## What the task requires:
All lines in the material with the string "case" should be listed.

## Data:

Lemma window_bounded_nat (p : nat) : exists B, forall k j, window k p%:Z j <= B.
Proof.
have [B [B0 hB]] := Kinf_sublevel_bounded 1 phiK; exists B => k j.
have := iter_A_decr (m k) p (a_A k) j; rewrite /window -PoszD absz_nat.
move/le_trans; apply; apply: hB; first exact: iter_Gain_ge0 (A_nonneg (a_A k)) j.
exact: le_trans (A_phi_le i0 j (iter_A _ (a_A k))) (cross_le1 k).
Qed.

Lemma window_bounded_negnat (p : nat) :
  exists B, forall k, (p <= k)%N -> forall j, window k (- p%:Z) j <= B.
Proof.
elim: p => [|p [B hB]].
  by have [B hB] := window_bounded_nat 0; exists B => k _ j; apply: hB.
have [B' hB'] := Gain_sublevel_bounded B; exists B' => k pk j.
apply: hB' (window_ge0 _ _) _ _ => i; rewrite -window_step; last by lia.
have -> : - (p.+1)%:Z + 1 = - p%:Z by lia.
by apply: hB; lia.
Qed.

Lemma window_bounded n : exists B, forall k, (absz n <= k)%N -> forall j, window k n j <= B.
Proof.
case: n => p; first by have [B hB] := window_bounded_nat p; exists B => k _; apply: hB.
by have [B hB] := window_bounded_negnat p.+1; exists B => k pk; rewrite NegzE; apply: hB.
Qed.

Context {G : set_system nat} {GU : UltraFilter G}.
Hypothesis G_finer : forall P : set nat, (\forall k \near \oo, P k) -> G P.

Lemma G_ge N : G [set k | (N <= k)%N].
Proof. by apply: G_finer; exists N. Qed.

Lemma window_cvg : exists s : int -> I -> R,
  forall n j, (fun k => window k n j) @ G --> s n j.
Proof.
suff lim_ex : forall nj : int * I, exists l : R, (fun k => window k nj.1 nj.2) @ G --> l.
  by have [s hs] := choice lim_ex; exists (fun n j => s (n, j)) => n j; apply: (hs (n, j)).
move=> [n j]; have [B hB] := window_bounded n.
have G_in : G [set k | 0 <= window k n j <= B].
  by apply: filterS (G_ge (absz n)) => k nk; rewrite /= (window_ge0 k n j) hB.
by have [l [_ hl]] := ultra_cvg_in_segment GU G_in; exists l.
Qed.

Lemma le_G_lim (u v : nat -> R) (x y : R) N : u @ G --> x -> v @ G --> y ->
  (forall k, (N <= k)%N -> u k <= v k) -> x <= y.
Proof. by move=> ux vy uv; apply: ler_cvg_to ux vy (filterS uv (G_ge N)). Qed.

Lemma window_limit_orbit : exists s, coercive_orbit s.
Proof.
have [s s_lim] := window_cvg; exists s.
have s_ge0 n : nonneg (s n).
  move=> j; apply: (le_G_lim (N := 0%N) (cvg_cst _) (s_lim n j)) => k _.
  exact: window_ge0.
split.
- move=> n; split; first exact: s_ge0.
  have [B hB] := window_bounded n; exists B => j.
  rewrite (ger0_norm (s_ge0 n j)).
  by apply: (le_G_lim (N := absz n) (s_lim n j) (cvg_cst B)) => k nk; exact: hB.
- move=> n; apply/funext => i.
  have Gam_lim : (fun k => Gam (window k n) i) @ G --> Gam (s n) i.
    by apply: Gain_cvg => [k||j _]; [exact: window_ge0|exact: s_ge0|exact: s_lim].
  have shift_lim : (fun k => window k (n + 1) i) @ G --> Gam (s n) i.
    apply: cvg_trans Gam_lim; apply: near_eq_cvg.
    by apply: filterS (G_ge (absz n)) => k /= nk; rewrite window_step.
  exact: cvg_unique (s_lim (n + 1) i) shift_lim.
- move=> n i; apply: (le_G_lim (N := absz n) (s_lim (n + 1) i) (s_lim n i)) => k nk.
  exact: window_decr nk i.
- move=> n i j; apply: (le_G_lim (N := 0%N) _ (s_lim n i)) => [|k _].
    exact: Kinf_cvg phiK (fun k => window_ge0 k n j) (s_ge0 n j) (s_lim n j).
  exact: A_phi_le i j (window_A k n).
- exists (xi (eta (phi 1))); first exact/Kinf_gt0/Kinf_gt0/Kinf_gt0.
  move=> j; apply: (le_G_lim (N := 0%N) (cvg_cst _) (s_lim 0 j)) => k _.
  exact: window0_ge.
Qed.

End Windows.

Lemma complete_orbit_exists : exists s, coercive_orbit s.
Proof.
have [am am_cross] := choice crossing_orbit.
have [G [GU G_finer]] := @ultraFilterLemma nat \oo _.
apply: (@window_limit_orbit (fst \o am) (snd \o am)) G_finer => k; by case: (am_cross k).
Qed.

Section DecayPath.
Variables (s : int -> I -> R) (c : R).
Hypothesis s_plus : forall n, linf_plus (s n).
Hypothesis s_step : forall n, s (n + 1) = Gam (s n).
Hypothesis s_decr : forall n, fle (s (n + 1)) (s n).
Hypothesis s_phi_le : forall n i j, phi (s n j) <= s n i.
Hypothesis c_gt0 : 0 < c.
Hypothesis s0_ge : forall j, c <= s 0 j.

Lemma orbit_ge0 n : nonneg (s n).
Proof. exact: (s_plus n).1. Qed.

Lemma orbit_bounded n : bounded_fam (s n).
Proof. exact: (s_plus n).2. Qed.

Lemma orbit_homo m n : m <= n -> fle (s n) (s m).
Proof.
move=> mn; have -> : n = m + (absz (n - m))%:Z by lia.
elim: (absz _) => [|k IH] j; first by rewrite addr0.
by rewrite -addn1 PoszD addrA; apply: le_trans (s_decr _ j) (IH j).
Qed.

Lemma orbit_nat_gt0 (p : nat) : exists2 t, 0 < t & forall j, t <= s p j.
Proof.
elim: p => [|p [t t0 ht]]; first by exists c.
exists (xi (eta t)); first exact/Kinf_gt0/Kinf_gt0.
by move=> j; rewrite -addn1 PoszD s_step; apply: Gain_ge_const (orbit_ge0 _) (ltW t0) ht j.
Qed.

Lemma orbit_gt0 n j : 0 < s n j.
Proof.
case: n => p; first by have [t t0 ht] := orbit_nat_gt0 p; apply: lt_le_trans t0 (ht j).
apply: lt_le_trans c_gt0 (le_trans (s0_ge j) (orbit_homo _ j)).
by rewrite NegzE oppr_le0.
Qed.

Lemma orbit_iter p n : iter p Gam (s n) = s (n + p%:Z).
Proof. by elim: p => [|p IH]; rewrite ?addr0 //= IH -s_step -addn1 PoszD addrA. Qed.

Lemma orbit_norm_small e : 0 < e ->
  exists N : nat, forall n, N%:Z <= n -> linf_norm (s n) < e.
Proof.
move=> e0; move/cvgrPdist_lt: (Gam_GATT (s_plus 0)) => /(_ e e0) [N _ sN].
exists N => n Nn; apply: le_lt_trans (linf_norm_homo (orbit_ge0 _) (orbit_homo Nn)
  (orbit_bounded _)) _.
have := sN N (leqnn N); rewrite /= sub0r normrN ger0_norm ?linf_norm_ge0 //.
by rewrite orbit_iter add0r.
Qed.

Lemma backward_orbit_fixpoint B : (forall (p : nat) j, s (- p%:Z) j <= B) ->
  exists2 l, linf_plus l & Gam l = l /\ fle (s 0) l.
Proof.
move=> sB; pose u j (p : nat) := s (- p%:Z) j.
have u_homo j : nondecreasing_seq (u j).
  by move=> p q pq; apply: orbit_homo; rewrite lerN2 lez_nat.
have u_ub j : has_ubound (range (u j)) by exists B => _ [p _ <-]; apply: sB.
pose l j := sup (range (u j)).
have u_lim j : u j @ \oo --> l j by apply: nondecreasing_cvgn.
have s0_l j : s 0 j <= l j.
  by rewrite -oppr0; apply: ub_le_sup; [exact: u_ub|exists 0%N].
have l_ge0 : nonneg l by move=> j; apply: le_trans (orbit_ge0 0 j) (s0_l j).
exists l.
  split => //; exists B => j; rewrite ger0_norm //; apply: ge_sup; first by exists (u j 0%N), 0%N.
  by move=> _ [p _ <-]; apply: sB.
split => //; apply/funext => i.
have Gam_lim : (fun p => Gam (s (- p%:Z)) i) @ \oo --> Gam l i.
  by apply: Gain_cvg => [p||j _]; [exact: orbit_ge0|exact: l_ge0|exact: u_lim].
have shift : (fun p : nat => Gam (s (- p.+1%:Z)) i) = u i.
  by apply/funext => p; rewrite /u -s_step; congr (s _ i); lia.
move: Gam_lim; rewrite -cvg_shiftS /= shift => Gam_lim.
exact: cvg_unique _ Gam_lim (u_lim i).
Qed.

Lemma orbit_backward_unbounded C : exists p : nat, C < s (- p%:Z) i0.
Proof.
have [//|no_p] := pselect (exists p : nat, C < s (- p%:Z) i0).
have [B [_ hB]] := Kinf_sublevel_bounded C phiK.
have sB p j : s (- p%:Z) j <= B.
  apply: hB (orbit_ge0 _ j) (le_trans (s_phi_le _ i0 j) _).
  by rewrite leNgt; apply/negP => Cs; apply: no_p; exists p.
have [l lp [fix_l s0l]] := backward_orbit_fixpoint sB.
have l_gt0 : 0 < linf_norm l.
  apply: lt_le_trans (orbit_gt0 0 i0) (le_trans (s0l i0) _).
  exact: le_trans (ler_norm _) (linf_norm_ge i0 lp.2).
by move: l_gt0; rewrite (GATT_fixpoint_eq0 Gam_GATT lp fix_l) ltxx.
Qed.

Implicit Types (a b r : R) (m n : int).

Definition interp n a : I -> R :=
  fun i => s (n + 1) i + (a / dyad (n + 1) - 1) * (s n i - s (n + 1) i).

Definition sigma r : I -> R :=
  if r <= 0 then fun _ => 0 else interp (dyadic_index r) r.

Lemma interp_weight n a : dyad (n + 1) <= a <= dyad n -> 0 <= a / dyad (n + 1) - 1 <= 1.
Proof.
move=> /andP[na an]; have q0 : (0 : R) < dyad (n + 1) := dyad_gt0 _.
rewrite subr_ge0 ler_pdivlMr // mul1r na /= lerBlDr ler_pdivrMr //.
by move: an; rewrite dyadS; lra.
Qed.

Lemma interp_between n a i : dyad (n + 1) <= a <= dyad n ->
  s (n + 1) i <= interp n a i <= s n i.
Proof.
move=> /interp_weight /andP[w0 w1]; rewrite /interp.
set w := _ - 1; set d := s n i - _.
have d0 : 0 <= d by rewrite subr_ge0 s_decr.
by rewrite lerDl mulr_ge0 //= -lerBrDl -/d -[leRHS]mul1r ler_wpM2r.
Qed.

Lemma interp_top n : interp n (dyad n) = s n.
Proof.
apply/funext => i; rewrite /interp dyadS mulfK ?lt0r_neq0 ?dyad_gt0 //.
have -> : 2 - 1 = 1 :> R by lra.
by rewrite mul1r addrC subrK.
Qed.

Lemma interp_bot n : interp n (dyad (n + 1)) = s (n + 1).
Proof.
by apply/funext => i; rewrite /interp divff ?lt0r_neq0 ?dyad_gt0 // subrr mul0r addr0.
Qed.

Lemma sigma_on_segment n a : dyad (n + 1) <= a <= dyad n -> sigma a = interp n a.
Proof.
move=> /andP[na an]; have a0 : 0 < a := lt_le_trans (dyad_gt0 _) na.
rewrite /sigma leNgt a0 /=; have idx := dyadic_indexP a0.
have [na'|an'] := ltP (dyad (n + 1)) a.
  by rewrite (dyadic_segment_unique idx (_ : dyad (n + 1) < a <= dyad n)) // na' an.
have an1 : a = dyad (n + 1) by apply/eqP; rewrite eq_le an' na.
have n1a : dyad (n + 1 + 1) < a <= dyad (n + 1).
  by rewrite an1 lexx andbT dyad_lt ltzD1.
by rewrite (dyadic_segment_unique idx n1a) an1 interp_top interp_bot.
Qed.

Lemma sigma0 : sigma 0 = fun _ => 0.
Proof. by rewrite /sigma lexx. Qed.

Lemma sigma_dyad n : sigma (dyad n) = s n.
Proof.
by rewrite (@sigma_on_segment n) ?interp_top // lexx andbT ltW // dyad_lt ltzD1.
Qed.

## Solution:
case: n => p; first by have [B hB] := window_bounded_nat p; exists B => k _; apply: hB.
apply: (@window_limit_orbit (fst \o am) (snd \o am)) G_finer => k; by case: (am_cross k).
case: n => p; first by have [t t0 ht] := orbit_nat_gt0 p; apply: lt_le_trans t0 (ht j).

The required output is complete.